__What to do__. Search the entries for lines that contain the word "negbTE", and report each one found.

************

(* Let $G$ be a connected graph and $\sigma$ a BFS ordering of $G$. If the $\mathcal{F}$-tree $T$ of $\sigma$ has at most $k$ leaves, then the bandwidth of $\sigma$ is at most $k$.
   Context: All graphs are finite, simple, undirected, connected and non-empty. A BFS ordering is an ordering of $V(G)$ produced by breadth-first search: pick a start vertex, mark it visited and put it in a queue; repeatedly remove the front vertex $v$ of the queue and append all not yet visited neighbors of $v$ (in some order) to the queue, marking them visited; the ordering is the order in which vertices are visited. The $\mathcal{F}$-tree of an ordering $\sigma=(v_1,\dots,v_n)$ (where each $v_i$, $i>1$, has an earlier neighbor) is the spanning tree rooted at $v_1$ in which the parent of each $v_i$, $i>1$, is its neighbor appearing leftmost in $\sigma$. A leaf is a non-root vertex of the tree without children (the root is never a leaf). The bandwidth of $\sigma=(v_1,\dots,v_n)$ is $\max_{v_iv_j\in E(G)}|i-j|$. *)

From mathcomp Require Import all_boot all_order.
Set Implicit Arguments. Unset Strict Implicit. Unset Printing Implicit Defensive.

Section Graphs.
Variable T : finType.

Definition simple_graph (e : rel T) : Prop :=
  symmetric e /\ irreflexive e.

Definition connected_graph (e : rel T) : Prop :=
  forall x y : T, connect e x y.

(* Execution of BFS.  [bfs_run e ord q fin]: with current visiting order
   [ord] (list of visited vertices, in order of visiting) and queue [q],
   the search terminates with final ordering [fin]. *)
Inductive bfs_run (e : rel T) : seq T -> seq T -> seq T -> Prop :=
| bfs_done ord : bfs_run e ord [::] ord
| bfs_step ord v q new fin :
    perm_eq new [seq x <- enum T | e v x & x \notin ord] ->
    bfs_run e (ord ++ new) (q ++ new) fin ->
    bfs_run e ord (v :: q) fin.

Definition bfs_ordering (e : rel T) (s : seq T) : Prop :=
  exists r : T, bfs_run e [:: r] [:: r] s.

(* F-tree of an ordering s: rooted at the first vertex of s; the parent
   of a non-root vertex v is its neighbor appearing leftmost in s. *)
Definition ftree_root (s : seq T) (v0 : T) : T := head v0 s.

Definition ftree_parent (e : rel T) (s : seq T) (v : T) : T :=
  nth v s (find (e v) s).

Definition ftree_leaves (e : rel T) (s : seq T) : {set T} :=
  [set v in s | (v != head v s) &&
     ~~ [exists u in s, (u != head u s) && (ftree_parent e s u == v)]].

Definition bandwidth (e : rel T) (s : seq T) : nat :=
  \max_(p : T * T | e p.1 p.2)
     maxn (index p.1 s - index p.2 s) (index p.2 s - index p.1 s).

End Graphs.

(* In a BFS ordering the F-tree parent of a non-root vertex comes before it,
   and the position of the parent is nondecreasing along the ordering.
   Let ab be an edge, with a at position i and b at position j > i.  Every vertex
   at a position in (i, j] has its parent no later than the parent of b, hence
   at or before a.  Thus no such vertex is an ancestor of another, so the
   j - i vertices in the window have pairwise distinct leaf descendants (take
   a deepest one), and j - i is at most the number of leaves. *)

From mathcomp Require Import all_boot all_order.
From mathcomp Require Import zify.
Set Implicit Arguments. Unset Strict Implicit. Unset Printing Implicit Defensive.

Section ParentOrderings.
Variables (T : finType) (e : rel T).

(* [find (e x) s] is the position in [s] of the F-tree parent of [x]. *)
Definition parents_precede (s : seq T) : Prop :=
  {in s, forall x, 0 < index x s -> find (e x) s < index x s}.

Definition parents_monotone (s : seq T) : Prop :=
  {in s &, forall x y, 0 < index x s -> index x s <= index y s ->
     find (e x) s <= find (e y) s}.

(* [P] is the prefix of [ord] whose vertices have left the queue [q]. *)
Definition bfs_invariant (ord q : seq T) : Prop :=
  exists2 P, ord = P ++ q &
    [/\ uniq ord, {in P, forall x y, e x y -> y \in ord},
        parents_precede ord, parents_monotone ord
      & {in q, forall x, 0 < index x ord -> find (e x) ord < size P}].

Lemma bfs_invariant_init r : bfs_invariant [:: r] [:: r].
Proof.
by exists [::]; split=> // [x|x y|x]; rewrite inE => /eqP-> //= /[!eqxx].
Qed.

End ParentOrderings.

Section BfsStep.
Variables (T : finType) (e : rel T) (ord P q new : seq T) (v : T).
Hypothesis e_sym : symmetric e.
Hypothesis ord_def : ord = P ++ v :: q.
Hypothesis new_def : perm_eq new [seq x <- enum T | e v x & x \notin ord].
Hypothesis ord_uniq : uniq ord.
Hypothesis P_closed : {in P, forall x y, e x y -> y \in ord}.
Hypothesis ord_precede : parents_precede e ord.
Hypothesis ord_monotone : parents_monotone e ord.
Hypothesis queue_parents :
  {in v :: q, forall x, 0 < index x ord -> find (e x) ord < size P}.

Lemma mem_new x : (x \in new) = e v x && (x \notin ord).
Proof. by rewrite (perm_mem new_def) mem_filter mem_enum andbT. Qed.

Lemma uniq_ord_new : uniq (ord ++ new).
Proof.
rewrite cat_uniq ord_uniq (perm_uniq new_def) filter_uniq ?enum_uniq //=.
by rewrite andbT; apply/hasPn => x; rewrite mem_new => /andP[].
Qed.

Lemma find_new x : x \in new -> find (e x) (ord ++ new) = size P.
Proof.
rewrite mem_new => /andP[evx x_new].
have exv : e x v by rewrite e_sym.
have P_x : ~~ has (e x) P.
  apply/hasPn => p /P_closed p_closed; apply: contra x_new => exp.
  by apply: p_closed; rewrite e_sym.
have ord_x : has (e x) ord.
  by apply/hasP; exists v; rewrite // ord_def mem_cat inE eqxx orbT.
by rewrite find_cat ord_x ord_def find_cat (negbTE P_x) /= exv addn0.
Qed.

Lemma find_old x : x \in ord -> 0 < index x ord ->
  find (e x) (ord ++ new) = find (e x) ord.
Proof.
move=> x_ord x_nonroot; rewrite find_cat has_find.
by rewrite (ltn_trans (ord_precede x_ord x_nonroot)) ?index_mem.
Qed.

Lemma find_old_le x : x \in ord -> 0 < index x ord -> find (e x) ord <= size P.
Proof.
move=> x_ord x_nonroot; move: (x_ord); rewrite {1}ord_def mem_cat => /orP[x_P|x_q].
  have := ord_precede x_ord x_nonroot.
  have : index x ord < size P by rewrite {1}ord_def index_cat x_P index_mem.
  lia.
exact/ltnW/queue_parents.
Qed.

Lemma bfs_invariant_step : bfs_invariant e (ord ++ new) (q ++ new).
Proof.
have index_new x : x \in new -> size ord <= index x (ord ++ new).
  by move=> /[!mem_new] /andP[_ /negbTE x_ord]; rewrite index_cat x_ord leq_addr.
have index_old x : x \in ord -> index x (ord ++ new) = index x ord.
  by move=> x_ord; rewrite index_cat x_ord.
have size_P : size P < size ord by rewrite ord_def size_cat /=; lia.
exists (rcons P v); first by rewrite ord_def cat_rcons -catA.
split=> [||x|x y|x].
- exact: uniq_ord_new.
- move=> x; rewrite mem_rcons inE => /orP[/eqP-> y evy | /P_closed x_closed y /x_closed].
    by rewrite mem_cat mem_new evy; case: (y \in ord).
  by rewrite mem_cat => ->.
- rewrite mem_cat => /orP[x_ord|x_new].
    by rewrite index_old // => x_nonroot; rewrite find_old //; apply: ord_precede.
  by rewrite find_new // => _; have := index_new x x_new; lia.
- rewrite !mem_cat => /orP[x_ord|x_new] /orP[y_ord|y_new].
  + rewrite !index_old // => x_nonroot xy.
    by rewrite !find_old //; [apply: ord_monotone | lia].
  + rewrite index_old // (find_new y_new) => x_nonroot _.
    by rewrite find_old // find_old_le.
  + have : index y ord < size ord by rewrite index_mem.
    by rewrite (index_old y y_ord); have := index_new x x_new; lia.
  + by rewrite !find_new.
- rewrite mem_cat size_rcons => /orP[x_q|x_new]; last by rewrite find_new.
  have x_ord : x \in ord by rewrite ord_def mem_cat inE x_q !orbT.
  rewrite index_old // => x_nonroot; rewrite find_old //.
  by have := queue_parents (mem_behead (s := v :: q) x_q) x_nonroot; lia.
Qed.

End BfsStep.

Section BfsOrderings.
Variables (T : finType) (e : rel T).
Hypothesis e_sym : symmetric e.

Lemma bfs_run_invariant ord q fin :
  bfs_run e ord q fin -> bfs_invariant e ord q -> bfs_invariant e fin [::].
Proof.
elim=> // {}ord v {}q new {}fin new_def _ IH [P ord_def [? ? ? ? ?]].
by apply: IH; apply: bfs_invariant_step ord_def _ _ _ _ _ _.
Qed.

Lemma bfs_run_extends ord q fin : bfs_run e ord q fin -> exists t, fin = ord ++ t.
Proof.
elim=> [o | o v q' new fin' _ _ [t ->]]; first by exists [::]; rewrite cats0.
by exists (new ++ t); rewrite catA.
Qed.

Lemma bfs_ordering_parents s : connected_graph e -> bfs_ordering e s ->
  exists r, [/\ head r s = r, forall x, x \in s, uniq s,
                parents_precede e s & parents_monotone e s].
Proof.
move=> e_conn [r run]; exists r.
have [P] := bfs_run_invariant run (bfs_invariant_init e r).
rewrite cats0 => <- {P} [s_uniq s_out_closed s_precede s_monotone _].
have [t s_def] := bfs_run_extends run.
have s_total x : x \in s.
  have s_closed : closed e s.
    by move=> y z eyz; apply/idP/idP => /s_out_closed; apply; rewrite // e_sym.
  by rewrite -(closed_connect s_closed (e_conn r x)) s_def mem_head.
by split; rewrite // s_def.
Qed.

End BfsOrderings.

Section LeafCount.
Variables (T : finType) (e : rel T) (s : seq T) (r : T).
Hypothesis s_head : head r s = r.
Hypothesis s_total : forall x, x \in s.
Hypothesis s_uniq : uniq s.
Hypothesis s_precede : parents_precede e s.
Hypothesis s_monotone : parents_monotone e s.

Local Notation pos x := (index x s).

Lemma head_root v : head v s = r.
Proof. by move: s_head (s_total r); case: s. Qed.

Lemma neq_root x : (x != r) = (0 < pos x).
Proof.
move: s_head (s_total x); case: s => [|y t] //= -> _.
by rewrite eq_sym; case: (r == x).
Qed.

(* [ftree_parent] made total by fixing the root, so that ancestors are
   the [fconnect] predecessors. *)
Definition tree_parent x := if x == r then r else ftree_parent e s x.

Lemma tree_parentE x : 0 < pos x -> tree_parent x = ftree_parent e s x.
Proof. by rewrite -neq_root /tree_parent => /negbTE->. Qed.

Lemma index_tree_parent x : 0 < pos x -> pos (tree_parent x) = find (e x) s.
Proof.
move=> x_nonroot; rewrite tree_parentE // index_uniq //.
by rewrite (ltn_trans (s_precede (s_total x) x_nonroot)) ?index_mem.
Qed.

Lemma tree_parent_lt x : 0 < pos x -> pos (tree_parent x) < pos x.
Proof. by move=> x_nonroot; rewrite index_tree_parent // s_precede. Qed.

Lemma tree_parent_le x : pos (tree_parent x) <= pos x.
Proof.
have [x_root | /tree_parent_lt/ltnW //] := posnP (pos x).
have -> : x = r by apply/eqP; rewrite -[x == r]negbK neq_root x_root.
by rewrite /tree_parent eqxx.
Qed.

Lemma iter_tree_parent_le n x : pos (iter n tree_parent x) <= pos x.
Proof. by elim: n => //= n IH; apply: leq_trans (tree_parent_le _) IH. Qed.

Definition deepest_descendant u :=
  [arg max_(y > u | fconnect tree_parent y u) pos y].

Lemma deepest_descendantP u : 0 < pos u ->
  fconnect tree_parent (deepest_descendant u) u /\
  deepest_descendant u \in ftree_leaves e s.
Proof.
move=> u_nonroot; rewrite /deepest_descendant.
case: arg_maxnP => [|L L_desc L_max]; first exact: connect0.
split=> //; rewrite inE s_total head_root neq_root /=.
rewrite (leq_trans u_nonroot (L_max u (connect0 _ _))) /=.
apply/existsP => -[w /and3P[_ /[!head_root] /[!neq_root] w_nonroot /eqP w_child]].
have w_desc : fconnect tree_parent w u.
  by apply: connect_trans L_desc; rewrite -w_child -tree_parentE ?fconnect1.
have := tree_parent_lt w_nonroot.
rewrite tree_parentE // w_child => /leq_trans/(_ (L_max w w_desc)).
by rewrite ltnn.
Qed.

(* By monotonicity the parent of [u] is no later than that of [b], which
   is no later than its neighbour [a]. *)
Lemma tree_parent_window a b u :
  e b a -> pos a < pos u <= pos b -> pos (tree_parent u) <= pos a.
Proof.
move=> eba /andP[au ub]; rewrite index_tree_parent; last by lia.
apply: leq_trans (s_monotone (s_total u) (s_total b) _ ub) _; first by lia.
by rewrite leqNgt; apply/negP => /(before_find r); rewrite nth_index ?eba.
Qed.

Lemma window_ancestor_unique a b L u1 u2 : e b a ->
  pos a < pos u1 <= pos b -> pos a < pos u2 <= pos b ->
  fconnect tree_parent L u1 -> fconnect tree_parent L u2 -> u1 = u2.
Proof.
move=> eba.
wlog le12 : u1 u2 / findex tree_parent L u1 <= findex tree_parent L u2.
  move=> wlog w1 w2 c1 c2.
  by case: (leqP (findex tree_parent L u1) (findex tree_parent L u2))
    => [|/ltnW] le; [|symmetry]; apply: wlog.
move=> w1 w2 c1 c2; have := iter_findex c2; have := iter_findex c1.
move: le12; set n1 := findex _ L u1; set n2 := findex _ L u2.
rewrite leq_eqVlt => /orP[/eqP-> <- // | lt12] u1_def u2_def.
have := iter_tree_parent_le (n2 - n1.+1) (tree_parent u1).
rewrite -iterSr subnSK // -u1_def -iterD subnK ?(ltnW lt12) // u2_def u1_def.
by have := tree_parent_window eba w1; lia.
Qed.

Lemma index_sub_le_leaves a b : e b a -> pos b - pos a <= #|ftree_leaves e s|.
Proof.
move=> eba; have b_lt : pos b < size s by rewrite index_mem.
pose u (m : 'I_(pos b - pos a)) := nth r s (pos a + m.+1).
have m_lt (m : 'I_(pos b - pos a)) : pos a + m < pos b by rewrite -ltn_subRL.
have pos_u m : pos (u m) = pos a + m.+1.
  by rewrite index_uniq // addnS (leq_ltn_trans (m_lt m)).
have window m : pos a < pos (u m) <= pos b by rewrite pos_u addnS ltnS leq_addr m_lt.
have u_nonroot m : 0 < pos (u m) by rewrite pos_u addnS.
have leaf_inj : injective (fun m => deepest_descendant (u m)).
  move=> m1 m2 /= eq12; apply: ord_inj.
  have [c1 _] := deepest_descendantP (u_nonroot m1).
  have [c2 _] := deepest_descendantP (u_nonroot m2).
  rewrite eq12 in c1.
  have := window_ancestor_unique eba (window m1) (window m2) c1 c2.
  by move/(congr1 (index^~ s)); rewrite !pos_u => /addnI/succn_inj.
rewrite -[X in X <= _]card_ord -(card_imset _ leaf_inj).
apply/subset_leq_card/subsetP => _ /imsetP[m _ ->].
by have [_] := deepest_descendantP (u_nonroot m).
Qed.

Lemma bandwidth_le_leaves : symmetric e -> bandwidth e s <= #|ftree_leaves e s|.
Proof.
move=> e_sym; apply/bigmax_leqP => -[x y] /= exy.
by rewrite geq_max !index_sub_le_leaves // e_sym.
Qed.

End LeafCount.

Theorem theorem3p3 (T : finType) (e : rel T) (s : seq T) (k : nat) :
  simple_graph e -> connected_graph e ->
  bfs_ordering e s ->
  #|ftree_leaves e s| <= k ->
  bandwidth e s <= k.
Proof.
move=> [e_sym _] e_conn s_bfs leaves_k.
have [r [s_head s_total s_uniq s_precede s_monotone]] :=
  bfs_ordering_parents e_sym e_conn s_bfs.
apply: leq_trans leaves_k.
exact: bandwidth_le_leaves s_head s_total s_uniq s_precede s_monotone e_sym.
Qed.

************

__Reply to the exercise__.
by rewrite find_cat ord_x ord_def find_cat (negbTE P_x) /= exv addn0.
  by move=> /[!mem_new] /andP[_ /negbTE x_ord]; rewrite index_cat x_ord leq_addr.
Proof. by rewrite -neq_root /tree_parent => /negbTE->. Qed.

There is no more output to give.